Challenges of the project include [8]: (1) use of AnMBR technology is new and innovative with no large-scale plants currently in existence. Challenges of such new unproven technology include mechanical failures and difficulty to maintain membrane flux; (2) the AnMBR effluent contains 10% of the biogas in dissolved form, this needs to be air stripped before releasing the effluent to the environment as the methane present in biogas is a potent greenhouse gas; (3) use of the reclaimed irrigation water can be a challenge, as it needs to be stored, or released to rivers during rainy seasons. The high content of chemical oxygen demand (COD) and nutrients need to be dealt with and could cause bacterial growth inside storage tanks and pipes; (4) reclaimed water has a very high nitrogen content but not enough phosphorus, so the risk of contaminating groundwater is high if not applied correctly. Further, extra phosphorus needs to be added to compensate; (5) there is still a risk of heavy metals and micropollutant contamination, although most of these would normally adsorb to the sludge, so that reclaimed water effluent will have a low concentration of such pollutants; and (6) to protect soil quality, as there is a higher content of total dissolved solids found in reclaimed water, irrigation using an underground system to avoid evaporation which increases the effect of salinity (Table S4 in Supplementary Materials).

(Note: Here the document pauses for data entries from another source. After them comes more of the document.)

Lemma invmx_1_sub_ge0 {R : realType} {n} {M : 'M[R]_n} :
  (forall i j, 0 <= M i j) -> (1%:M - M) \in unitmx ->
  (forall i j, (fun N => (M ^+ N) i j) @ \oo --> 0) ->
  forall i j, 0 <= invmx (1%:M - M) i j.
Proof.
move=> hM hu hc i j; have Mcvg := cvg_neumann_series hu hc i j.
rewrite -(cvg_lim _ Mcvg) //; apply: limr_ge; first exact: cvgP Mcvg.
by near=> N; rewrite summxE sumr_ge0 // => k _; apply: expmx_ge0.
Unshelve. all: by end_near. Qed.

Lemma affine_orbit_sum_le {R : realType} {n} {M : 'M[R]_n} {v g : nat -> 'cV[R]_n}
    {h : 'cV[R]_n} :
  (1%:M - M) \in unitmx -> (forall i j, 0 <= invmx (1%:M - M) i j) ->
  (forall k i, 0 <= v k i 0) -> (forall k, v k.+1 = g k + M *m v k) ->
  (forall N i, (\sum_(0 <= k < N) g k) i 0 <= h i 0) ->
  forall N i, (\sum_(0 <= k < N) v k) i 0 <= (invmx (1%:M - M) *m (v 0%N + h)) i 0.
Proof.
move=> hu inv_ge0 v_ge0 vS g_le N i.
set V := fun N => \sum_(0 <= k < N) v k.
have VS : V N.+1 = v 0%N + \sum_(0 <= k < N) g k + M *m V N.
  rewrite /V big_nat_recl // (eq_bigr _ (fun k _ => vS k)) big_split /=.
  by rewrite mulmx_sumr addrA.
have VB l : ((1%:M - M) *m V N) l 0 <= (v 0%N + h) l 0.
  have -> : (1%:M - M) *m V N = v 0%N + \sum_(0 <= k < N) g k - v N.
    rewrite -[v 0%N + _](addrK (M *m V N)) -VS /V big_nat_recr //=.
    by rewrite mulmxBl mul1mx addrAC addrK.
  rewrite mxE [X in _ <= X]mxE mxE -addrA lerD2l.
  by rewrite mxE lerBlDr (le_trans (g_le N l)) // lerDl.
rewrite -[\sum_(0 <= k < N) v k](mulKmx hu) [X in X <= _]mxE [X in _ <= X]mxE.
apply: ler_sum => l _.
by rewrite ler_wpM2l.
Qed.

Section Diffusion.
Context {R : realType} {n : nat} (G : 'M[R]_n) (b : R).
Implicit Types (a p t : R) (sb su e : 'cV[R]_n).

Lemma xbarS a p sb su k : xbar G a p b sb su k.+1 =
  (a - p) *: ones R n + G *m xbar G a p b sb su k + b *: (G *m xunder G a p b sb su k).
Proof. by []. Qed.

Lemma xunderS a p sb su k : xunder G a p b sb su k.+1 =
  (a - p) *: ones R n + G *m xunder G a p b sb su k + b *: (G *m xbar G a p b sb su k).
Proof. by []. Qed.

Lemma xunder_swap a p sb su k : xunder G a p b sb su k = xbar G a p b su sb k.
Proof.
have swap : xpair G a p b su sb k = ((xpair G a p b sb su k).2, (xpair G a p b sb su k).1).
  by elim: k => //= k ->.
by rewrite /xunder /xbar swap.
Qed.

Lemma xpair_sum_diffS a p sb su k :
  xbar G a p b sb su k.+1 + xunder G a p b sb su k.+1 =
    (2 * (a - p)) *: ones R n + ((1 + b) *: G) *m (xbar G a p b sb su k + xunder G a p b sb su k)
  /\ xbar G a p b sb su k.+1 - xunder G a p b sb su k.+1 =
    ((1 - b) *: G) *m (xbar G a p b sb su k - xunder G a p b sb su k).
Proof.
rewrite xbarS xunderS -!scalemxAl mulmxDr mulmxBr.
set y := G *m xbar _ _ _ _ _ _ _; set z := G *m xunder _ _ _ _ _ _ _.
by split; apply/matrixP => r c; rewrite !mxE; ring.
Qed.

Lemma xpair_ge0 {a p sb su} : (forall i j, 0 <= G i j) -> p <= a -> 0 <= b ->
    (forall i, 0 <= sb i 0) -> (forall i, 0 <= su i 0) ->
  forall k i, 0 <= xbar G a p b sb su k i 0 /\ 0 <= xunder G a p b sb su k i 0.
Proof.
move=> hG hap hb hsb hsu; elim=> [|k IH] i; first by split.
have Gx_ge0 (x : 'cV[R]_n) : (forall l, 0 <= x l 0) -> 0 <= (G *m x) i 0.
  by move=> hx; rewrite mxE sumr_ge0 // => l _; rewrite mulr_ge0.
have Gxb := Gx_ge0 _ (fun l => (IH l).1); have Gxu := Gx_ge0 _ (fun l => (IH l).2).
move: Gxb Gxu; rewrite xbarS xunderS !mxE mulr1 => Gxb Gxu.
by split; (apply: addr_ge0; [apply: addr_ge0; rewrite ?subr_ge0 | apply: mulr_ge0]).
Qed.

Lemma xpair_seedD a p sb su e t k :
  xbar G a p b (sb + t *: e) su k = xbar G a p b sb su k + t *: xbar G p p b e 0 k /\
  xunder G a p b (sb + t *: e) su k = xunder G a p b sb su k + t *: xunder G p p b e 0 k.
Proof.
elim: k => [|k [IHb IHu]]; first by rewrite /xbar /xunder /= scaler0 addr0.
rewrite !xbarS !xunderS IHb IHu subrr scale0r !add0r !mulmxDr -!scalemxAr.
set x1 := G *m xbar _ _ _ _ _ _ _; set x2 := G *m xunder _ _ _ _ _ _ _.
set y1 := G *m xbar _ _ _ _ _ _ _; set y2 := G *m xunder _ _ _ _ _ _ _.
by split; apply/matrixP => r c; rewrite !mxE; ring.
Qed.

Lemma xpair_homogeneous p e k :
  xbar G p p b e 0 k + xunder G p p b e 0 k = ((1 + b) *: G) ^+ k *m e /\
  xbar G p p b e 0 k - xunder G p p b e 0 k = ((1 - b) *: G) ^+ k *m e.
Proof.
elim: k => [|k [IHs IHd]]; first by rewrite /xbar /xunder /= !expr0 !mul1mx addr0 subr0.
have [-> ->] := xpair_sum_diffS p p e 0 k.
by rewrite subrr mulr0 scale0r add0r IHs IHd !exprS -!mulmxE mulmxA mulmxA.
Qed.

End Diffusion.

Lemma is_cvg_xbar_series {R : realType} {n} {G : 'M[R]_n} {a p b d : R} {sb su : 'cV[R]_n} :
  (forall i j, 0 <= G i j) -> p <= a -> 0 <= b -> 0 < d -> d < 1 ->
  (1%:M - (d * (1 + b)) *: G) \in unitmx ->
  (forall i j, 0 <= invmx (1%:M - (d * (1 + b)) *: G) i j) ->
  (forall i, 0 <= sb i 0) -> (forall i, 0 <= su i 0) ->
  cvgn (fun N => \sum_(0 <= k < N) d ^+ k * sum_entries (xbar G a p b sb su k)).
Proof.
move=> hG hap hb d0 d1 hu inv_ge0 hsb hsu.
have x_ge0 := xpair_ge0 G b hG hap hb hsb hsu.
pose v k := d ^+ k *: (xbar G a p b sb su k + xunder G a p b sb su k).
pose c := (2 * (a - p)) *: ones R n.
have v_ge0 k i : 0 <= v k i 0.
  have [xb_ge0 xu_ge0] := x_ge0 k i.
  by rewrite !mxE mulr_ge0 ?addr_ge0 // exprn_ge0 // ltW.
have vS k : v k.+1 = d ^+ k.+1 *: c + (d * (1 + b)) *: G *m v k.
  rewrite /v; have [-> _] := xpair_sum_diffS G b a p sb su k.
  by rewrite scalerDr -!scalemxAl -!scalemxAr !scalerA exprS [d * d ^+ k * (1 + b)]mulrAC.
have g_le m i : (\sum_(0 <= k < m) d ^+ k.+1 *: c) i 0 <= ((d / (1 - d)) *: c) i 0.
  rewrite -scaler_suml !mxE mulr1; apply: ler_wpM2r; first by rewrite mulr_ge0 ?subr_ge0.
  apply: le_trans (geometric_le_lim m (ltW d0) d0 _); last by rewrite gtr0_norm.
  by rewrite /series /=; apply: ler_sum => k _; rewrite exprS.
have V_le := affine_orbit_sum_le hu inv_ge0 v_ge0 vS g_le.
apply: nondecreasing_is_cvgn.
  apply/nondecreasing_seqP => N; rewrite big_nat_recr //= lerDl mulr_ge0 //.
    by rewrite exprn_ge0 // ltW.
  by rewrite /sum_entries sumr_ge0 // => i _; case: (x_ge0 N i).
exists (\sum_i (invmx (1%:M - (d * (1 + b)) *: G) *m (v 0%N + (d / (1 - d)) *: c)) i 0).
move=> _ [N _ <-]; apply: le_trans (ler_sum _ (fun i _ => V_le N i)).
rewrite (eq_bigr (fun i => \sum_(0 <= k < N) v k i 0)); last by move=> i _; rewrite summxE.
rewrite exchange_big /=; apply: ler_sum => k _.
rewrite /sum_entries mulr_sumr; apply: ler_sum => i _.
by rewrite /v !mxE ler_pM2l ?exprn_gt0 // lerDl; case: (x_ge0 k i).
Qed.

Lemma cvg_xbar_delta_series {R : realType} {n} {G : 'M[R]_n} (p : R) {b d : R} (i : 'I_n) :
  (forall r s, (fun N => (\sum_(0 <= k < N) ((d * (1 + b)) *: G) ^+ k) r s) @ \oo -->
     invmx (1%:M - (d * (1 + b)) *: G) r s) ->
  (forall r s, (fun N => (\sum_(0 <= k < N) ((d * (1 - b)) *: G) ^+ k) r s) @ \oo -->
     invmx (1%:M - (d * (1 - b)) *: G) r s) ->
  (fun N => \sum_(0 <= k < N) d ^+ k * sum_entries (xbar G p p b (delta_mx i 0) 0 k))
    @ \oo --> cvec G b d i 0.
Proof.
set Mp := (d * (1 + b)) *: G; set Mm := (d * (1 - b)) *: G => Mp_cvg Mm_cvg.
have term k : d ^+ k * sum_entries (xbar G p p b (delta_mx i 0) 0 k) =
    2^-1 * (\sum_r (Mp ^+ k) r i + \sum_r (Mm ^+ k) r i).
  have [xs xd] := xpair_homogeneous G b p (delta_mx i 0) k.
  have -> : xbar G p p b (delta_mx i 0) 0 k =
      2^-1 *: (((1 + b) *: G) ^+ k *m delta_mx i 0 + ((1 - b) *: G) ^+ k *m delta_mx i 0).
    rewrite -xs -xd; apply/matrixP => r c; rewrite !mxE.
    set x := xbar _ _ _ _ _ _ _ _ _; set u := xunder _ _ _ _ _ _ _ _ _.
    by field.
  rewrite /sum_entries mulr_sumr -big_split mulr_sumr; apply: eq_bigr => r _.
  by rewrite -!colE !mxE /Mp /Mm !exprZmx !mxE !exprMn /=; ring.
have -> : (fun N => \sum_(0 <= k < N) d ^+ k * sum_entries (xbar G p p b (delta_mx i 0) 0 k)) =
    (fun N => 2^-1 * (\sum_r (\sum_(0 <= k < N) Mp ^+ k) r i +
                      \sum_r (\sum_(0 <= k < N) Mm ^+ k) r i)).
  apply/funext => N; rewrite (eq_bigr _ (fun k _ => term k)) -mulr_sumr big_split /=.
  by congr (_ * (_ + _)); rewrite exchange_big /=; apply: eq_bigr => r _; rewrite summxE.
have -> : cvec G b d i 0 =
    2^-1 * (\sum_r invmx (1%:M - Mp) r i + \sum_r invmx (1%:M - Mm) r i).
  have trE (c : R) : 1%:M - c *: G^T = (1%:M - c *: G)^T.
    by apply/matrixP => x y; rewrite !mxE eq_sym.
  rewrite /cvec !mxE -mulrDr addrC.
  by congr (_ * (_ + _)); apply: eq_bigr => r _; rewrite /ones mxE mulr1 trE -trmx_inv mxE.
by apply: cvgMl_tmp; apply: cvgD; apply: cvg_big => //; exact: add_continuous.
Qed.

2.5. Allermöhe Settlement in Hamburg, Germany

Allermöhle neighborhood in the city of Hamburg is one of the oldest ecological settlements in Germany. Planning started in 1970 and construction in 1985. The project’s focus was to establish highly efficient, ecological housing, with strong community involvement and a sense of ownership [9]. Project features include: (1) involving the users in the planning phase and for maintenance to instill a strong sense of ownership; (2) using natural insulating material to be as efficient and ecologically friendly as possible; (3) compact homes with high renewable energy utilization such as solar panels; (4) greywater separation and urine and feces are mixed using waterless toilets which also helps saving a significant amount of water; (5) house designs are adapted to waterless toilet use; (6) waterless toilets are connected to vertical wide chutes (30 cm in diameter) to prevent odor; (7) 80% of the urine is evaporated and carried out via the ventilation pipe, the rest is diverted by a urine diversion channel; (8) food and organic waste are disposed of directly in the toilet, the addition of toilet paper adds structure to the compost; (9) the chutes are connected to a composter in the basement where feces, urine, organic waste and toilet paper are composted, together with grass from gardens, raising the temperature of the compost; (11) maintenance labor from mixing the compost and adding food and organic waste is around 1 h/month and is done by the owners or by community volunteers; (12) greywater is separated and directed to an underground Imhoff tank for settling particles and grease separation. Subsequently, it is released in intervals to a vertical flow CWT with a required area of 1.7 m²/person, followed by a polishing pond and then to a river; (13) the system is completely disconnected from the municipal sewers in order to recirculate resources (nutrients) internally. However, in case of system failure, the wetlands have an emergency overflow system which connects them to the municipal sewage, thus avoiding river contamination; (14) rainwater is either stored in cisterns for green spaces irrigation or directed to ditches and allowed to infiltrate to the groundwater. Some homes also collect rainwater for use as service water in washing machines due to its low hardness level which allows for use of fewer detergents (Table S5 in Supplementary Materials).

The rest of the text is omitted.